The Bradens concede that the general principle governing hospital negligence is that stated in Western Insurance Co. v. Brochner, 682 P.2d 1213 (Colo.App. 1983): "In extending staff privileges to a doctor, a hospital does not generally expose itself to liability for the doctor's negligence unless it knows or should know of a propensity on the doctor's part to commit negligent acts." Hence, the material issues of fact here, if any, center on the question whether the hospital knew or should have known of Dr. Graul's alleged misconduct.
Based on the affidavit of its president and chief executive officer, the hospital made a convincing showing that genuine issues of fact were lacking. See C.R.C.P. 56(c); Ginter v. Palmer Co., 196 Colo. 203, 585 P.2d 583 (1978). Thereupon, C.R.C.P. 56(e) required that the Bradens adequately demonstrate by relevant and specific facts that a real controversy exists. Hadley v. Moffat County School District RE-1, 641 P.2d 284 (Colo.App. 1981). We conclude they have failed to meet their burden of demonstrating that a real controversy exists.

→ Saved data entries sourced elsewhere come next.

(* For any finite alphabet $A$ and any $u\in A^*$: $h({\uparrow}u)=|u|$, and $h(I(\{u\}))=h({\uparrow}u\cup{\downarrow}u)$, which equals $|u|$ if $|A|\geq2$ and $0$ otherwise.
   Context: $u\sqsubseteq v$ (subword) means $u=a_1\cdots a_n$ with letters $a_i$ and $v=v_0a_1v_1\cdots a_nv_n$ for some words $v_i$. ${\uparrow}u=\{v\in A^*~|~u\sqsubseteq v\}$, ${\downarrow}u=\{v\in A^*~|~v\sqsubseteq u\}$. $u\perp v$ means $u\not\sqsubseteq v$ and $v\not\sqsubseteq u$, and $I(L)=\{w\in A^*~|~\exists v\in L: w\perp v\}$. $u\sim_n v$ iff $u,v$ have the same subwords of length at most $n$; $L$ is $n$-PT if it is a union of $\sim_n$-classes, and $h(L)$ is the least such $n$. *)

From mathcomp Require Import all_boot.
Set Implicit Arguments. Unset Strict Implicit. Unset Printing Implicit Defensive.

Section Defs.
Variable A : finType.

Definition lang := seq A -> Prop.

Definition subword (u v : seq A) : bool := subseq u v.

Definition up (u : seq A) : lang := fun v => subword u v.
Definition down (u : seq A) : lang := fun v => subword v u.
Definition lunion (L M : lang) : lang := fun w => L w \/ M w.
Definition singleton (u : seq A) : lang := fun v => v = u.

Definition incomp (u v : seq A) : Prop := ~~ subword u v /\ ~~ subword v u.

Definition Inc (L : lang) : lang := fun w => exists v, L v /\ incomp w v.

Definition simn (n : nat) (u v : seq A) : Prop :=
  forall w : seq A, size w <= n -> subword w u = subword w v.

Definition nPT (n : nat) (L : lang) : Prop :=
  forall u v, simn n u v -> (L u <-> L v).

Definition is_h (L : lang) (n : nat) : Prop :=
  nPT n L /\ forall m, nPT m L -> n <= m.
End Defs.

From mathcomp Require Import all_boot zify.
Set Implicit Arguments. Unset Strict Implicit. Unset Printing Implicit Defensive.

(** Both languages are closed under [~_n] for [n = |u|]: this is immediate for
    [up u], and for the union of [up u] and [down u] it follows because a word
    [~_n]-equivalent to a proper subword [v] of [u] has no subword of length
    [|v| + 1], hence equals [v].  For minimality one builds a word [W u]
    containing every word shorter than [u] as a subword but not [u] itself
    (and not below [u] when there are at least two letters); then [W u ++ u]
    and [W u] are [~_(|u|-1)]-equivalent while exactly one of them lies above
    [u].  The language [I({u})] is the complement of the union.  Over a
    unary alphabet any two words are comparable, so the union is everything. *)

Section Subwords.
Variable A : finType.
Implicit Types (u v w s t : seq A) (a : A) (m n : nat).

Lemma subseq_size_eq s t : subseq s t -> size t <= size s -> s = t.
Proof.
by move=> st ts; apply/eqP; rewrite -(size_subseq_leqif st) eqn_leq ts size_subseq.
Qed.

Lemma subseq_eq_or_shorter s t : subseq s t -> s = t \/ size s < size t.
Proof.
move=> st; have [le_st eq_st] := size_subseq_leqif st.
by case: (eqVneq s t) => [|ne_st]; [left | right; rewrite ltn_neqAle eq_st ne_st].
Qed.

Lemma subseq_skip_letter a s u t :
  a \notin s -> subseq (a :: u) (s ++ a :: t) -> subseq u t.
Proof.
elim: s => [|x s IH] /=; first by rewrite eqxx.
by rewrite inE negb_or => /andP[/negbTE-> /IH].
Qed.

Lemma subseq_unary_alphabet s t :
  #|A| <= 1 -> size s <= size t -> subseq s t.
Proof.
move=> /fintype_le1P A1; elim: s t => [|x s IH] [|y t] //= le_st.
by rewrite (A1 y x) eqxx IH.
Qed.

Lemma simn_subseq n s v w : simn n v w -> size s <= n -> subseq s v = subseq s w.
Proof. by move=> vw; apply: vw. Qed.

Lemma simn_le m n u v : m <= n -> simn n u v -> simn m u v.
Proof. by move=> le_mn uv w le_w; apply: uv; apply: leq_trans le_mn. Qed.

Lemma simn_sym n u v : simn n u v -> simn n v u.
Proof. by move=> uv w le_w; rewrite uv. Qed.

Lemma nPT_le m n (L : lang A) : m <= n -> nPT m L -> nPT n L.
Proof. by move=> le_mn L_m u v /(simn_le le_mn); apply: L_m. Qed.

Lemma nPT_equiv n (L M : lang A) : (forall w, L w <-> M w) -> nPT n L -> nPT n M.
Proof. by move=> LM L_n u v uv; rewrite -!LM; apply: L_n. Qed.

Lemma is_h_equiv n (L M : lang A) : (forall w, L w <-> M w) -> is_h L n -> is_h M n.
Proof.
move=> LM [L_n L_min]; split; first exact: nPT_equiv L_n.
by move=> m M_m; apply/L_min/(nPT_equiv _ M_m) => w; apply: iff_sym.
Qed.

Lemma nPT_predC n (P : pred (seq A)) :
  nPT n (fun w => ~~ P w) <-> nPT n (fun w => P w).
Proof.
have negb_iff (b c : bool) : (~~ b <-> ~~ c) <-> (b <-> c) by case: b; case: c; intuition.
by split=> P_n u v /P_n; rewrite negb_iff.
Qed.

Lemma is_h_predC n (P : pred (seq A)) :
  is_h (fun w => P w) n -> is_h (fun w => ~~ P w) n.
Proof. by move=> [P_n P_min]; split=> [|m /nPT_predC]; [apply/nPT_predC | apply: P_min]. Qed.

Lemma simn_short_eq n v w : size v < n -> simn n v w -> w = v.
Proof.
move=> lt_vn vw.
have vw_sub : subseq v w by rewrite -(simn_subseq vw (ltnW lt_vn)) subseq_refl.
apply/esym/(subseq_size_eq vw_sub); rewrite leqNgt; apply/negP => lt_vw.
have size_take_w : size (take (size v).+1 w) = (size v).+1 := size_takel lt_vw.
have : subseq (take (size v).+1 w) v by rewrite (simn_subseq vw) ?size_take_w ?take_subseq.
by move/size_subseq; rewrite size_take_w ltnn.
Qed.

Definition letters_but a : seq A := enum (predC1 a).

Lemma mem_letters_but a x : (x \in letters_but a) = (x != a).
Proof. by rewrite mem_enum inE. Qed.

Lemma size_letters_but a : size (letters_but a) = #|A|.-1.
Proof. by rewrite -cardE cardC1. Qed.

(** [W (a1 ... ak)] is [B1 a1 B2 a2 ... a(k-1) Bk] with [Bi] listing the
    letters other than [ai]: a greedy embedding of [u] must skip every [Bi],
    so it runs out of letters before [ak], while any word shorter than [u]
    embeds by taking its [i]-th letter from [Bi ai]. *)
Fixpoint W u : seq A :=
  if u is a :: u' then letters_but a ++ (if u' is [::] then [::] else a :: W u')
  else [::].

Lemma W_not_subseq u : u != [::] -> ~~ subseq u (W u).
Proof.
elim: u => [|a [|b u] IH] // _ /=.
  by rewrite cats0 sub1seq mem_letters_but eqxx.
apply/negP => /subseq_skip_letter; rewrite mem_letters_but eqxx => /(_ isT).
exact/negP/IH.
Qed.

Lemma subseq_W u v : size v < size u -> subseq v (W u).
Proof.
elim: u v => [|a [|b u] IH] [|x v] //= lt_vu; rewrite ?sub0seq //.
rewrite -cat1s -[_ ++ _ :: _]cat_rcons; apply: cat_subseq; last exact: IH.
by rewrite sub1seq mem_rcons inE mem_letters_but; case: eqP.
Qed.

Lemma size_W u : 2 <= #|A| -> size u <= size (W u).
Proof.
move=> A2; have Ba a : 0 < size (letters_but a) by rewrite size_letters_but; lia.
elim: u => [|a [|b u] IH] //=; first by rewrite cats0 Ba.
by move: IH (Ba a); rewrite size_cat /=; lia.
Qed.

Lemma simn_W_cat u : simn (size u).-1 (W u ++ u) (W u).
Proof.
move=> w le_w; rewrite /subword; case: w le_w => [|x w] le_w; first by rewrite !sub0seq.
have sub_w : subseq (x :: w) (W u) by apply: subseq_W; move: le_w; case: (size u).
by rewrite sub_w (subseq_trans sub_w (prefix_subseq _ _)).
Qed.

Lemma nPT_size_le u m (L : lang A) :
  L (W u ++ u) -> ~ L (W u) -> nPT m L -> size u <= m.
Proof.
move=> L_Wu notL_W L_m; rewrite leqNgt; apply/negP => lt_mu.
have L_pred : nPT (size u).-1 L by apply: nPT_le L_m; case: (size u) lt_mu.
by apply: notL_W; apply: (iffLR (L_pred _ _ (@simn_W_cat u))).
Qed.

Lemma is_h_up u : is_h (up u) (size u).
Proof.
split=> [v w vw | m]; first by rewrite /up vw.
case: u => [|a u] //; apply: nPT_size_le; first exact: suffix_subseq.
exact/negP/W_not_subseq.
Qed.

Definition comparable u w : bool := subword u w || subword w u.

Lemma comparable_simn u v w :
  simn (size u) v w -> comparable u v -> comparable u w.
Proof.
rewrite /comparable /subword => vw /orP[uv | vu].
  by rewrite -(simn_subseq vw (leqnn _)) uv.
have [v_u | lt_vu] := subseq_eq_or_shorter vu.
  by rewrite -(simn_subseq vw (leqnn _)) v_u subseq_refl.
by rewrite (simn_short_eq lt_vu vw) vu orbT.
Qed.

Lemma comparable_nPT u : nPT (size u) (fun w => comparable u w).
Proof. by move=> v w vw; split; apply: comparable_simn => //; apply: simn_sym. Qed.

Lemma comparable_unary_alphabet u w : #|A| <= 1 -> comparable u w.
Proof.
move=> A1; rewrite /comparable /subword.
case: (leqP (size u) (size w)) => [le_uw | /ltnW le_wu].
  by rewrite subseq_unary_alphabet.
by rewrite (subseq_unary_alphabet A1 le_wu) orbT.
Qed.

Lemma comparable_W_cat u : comparable u (W u ++ u).
Proof. by rewrite /comparable /subword suffix_subseq. Qed.

Lemma comparable_W u : 2 <= #|A| -> u != [::] -> ~ comparable u (W u).
Proof.
move=> A2 u0; have notuW := W_not_subseq u0.
rewrite /comparable /subword (negbTE notuW) => /subseq_size_eq/(_ (size_W _ A2)) Wu.
by move: notuW; rewrite Wu subseq_refl.
Qed.

Lemma is_h_comparable u :
  is_h (fun w => comparable u w) (if 2 <= #|A| then size u else 0).
Proof.
case: ifP => [A2 | /negbT]; last first.
  by rewrite -ltnNge ltnS => A1; split=> // v w _; rewrite !comparable_unary_alphabet.
split=> [|m]; first exact: comparable_nPT.
case: u => [|a u] //; apply: nPT_size_le; first exact: comparable_W_cat.
exact: comparable_W.
Qed.

End Subwords.

Theorem proposition8 (A : finType) (u : seq A) :
  is_h (up u) (size u) /\
  is_h (Inc (singleton u)) (if 2 <= #|A| then size u else 0) /\
  is_h (lunion (up u) (down u)) (if 2 <= #|A| then size u else 0).
Proof.
have h_cmp := @is_h_comparable A u.
split; first exact: is_h_up.
split.
  apply: is_h_equiv (is_h_predC h_cmp) => w.
  rewrite /Inc /singleton /incomp /comparable negb_or.
  by split=> [/andP[uw wu] | [v [-> [wu uw]]]]; [exists u | rewrite uw wu].
apply: is_h_equiv h_cmp => w; rewrite /lunion /up /down /comparable.
by split=> [/orP[]|[]->]; rewrite ?orbT; [left|right|..].
Qed.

The Bradens' statistics do not, in themselves, indicate a proclivity on the part of Dr. Graul to perform unnecessary amputations, because multiple surgeries do not support a reasonable inference that any one procedure, including the procedure in this case, was unnecessary or negligently performed. These statistics do not support the Bradens' contention that the hospital knew or should have known of any alleged misconduct.
Similarly, although the hospital's by-laws show a rather elaborate administrative structure of supervision and monitoring to ensure quality health care, they do not support the Bradens' contention that the hospital knew or should have known of any mistreatments. Likewise unsupportive are the remainder of materials submitted by the Bradens since none of those materials provide any information of or support for the allegations of specific harm contained in the Bradens' complaint.
Finally, we find inapplicable Bradens' argument of constructive knowledge or of direct chain of command leading to negligence of the hospital. A hospital has certain inherent responsibilities regarding the quality of medical care furnished to its patients, and to meet this standard of responsibility, the hospital has a duty to supervise the competence of its staff. Fridena v. Evans, 622 P.2d 463 (Arizona 1981). However, there is no evidence presented by the Bradens here indicating any negligent supervision.
Under these circumstance, the summary judgment was properly granted. C.R.C.P. 56; Hadley, supra.
The judgment is affirmed.
JUDGE KELLY and JUDGE BABCOCK concur.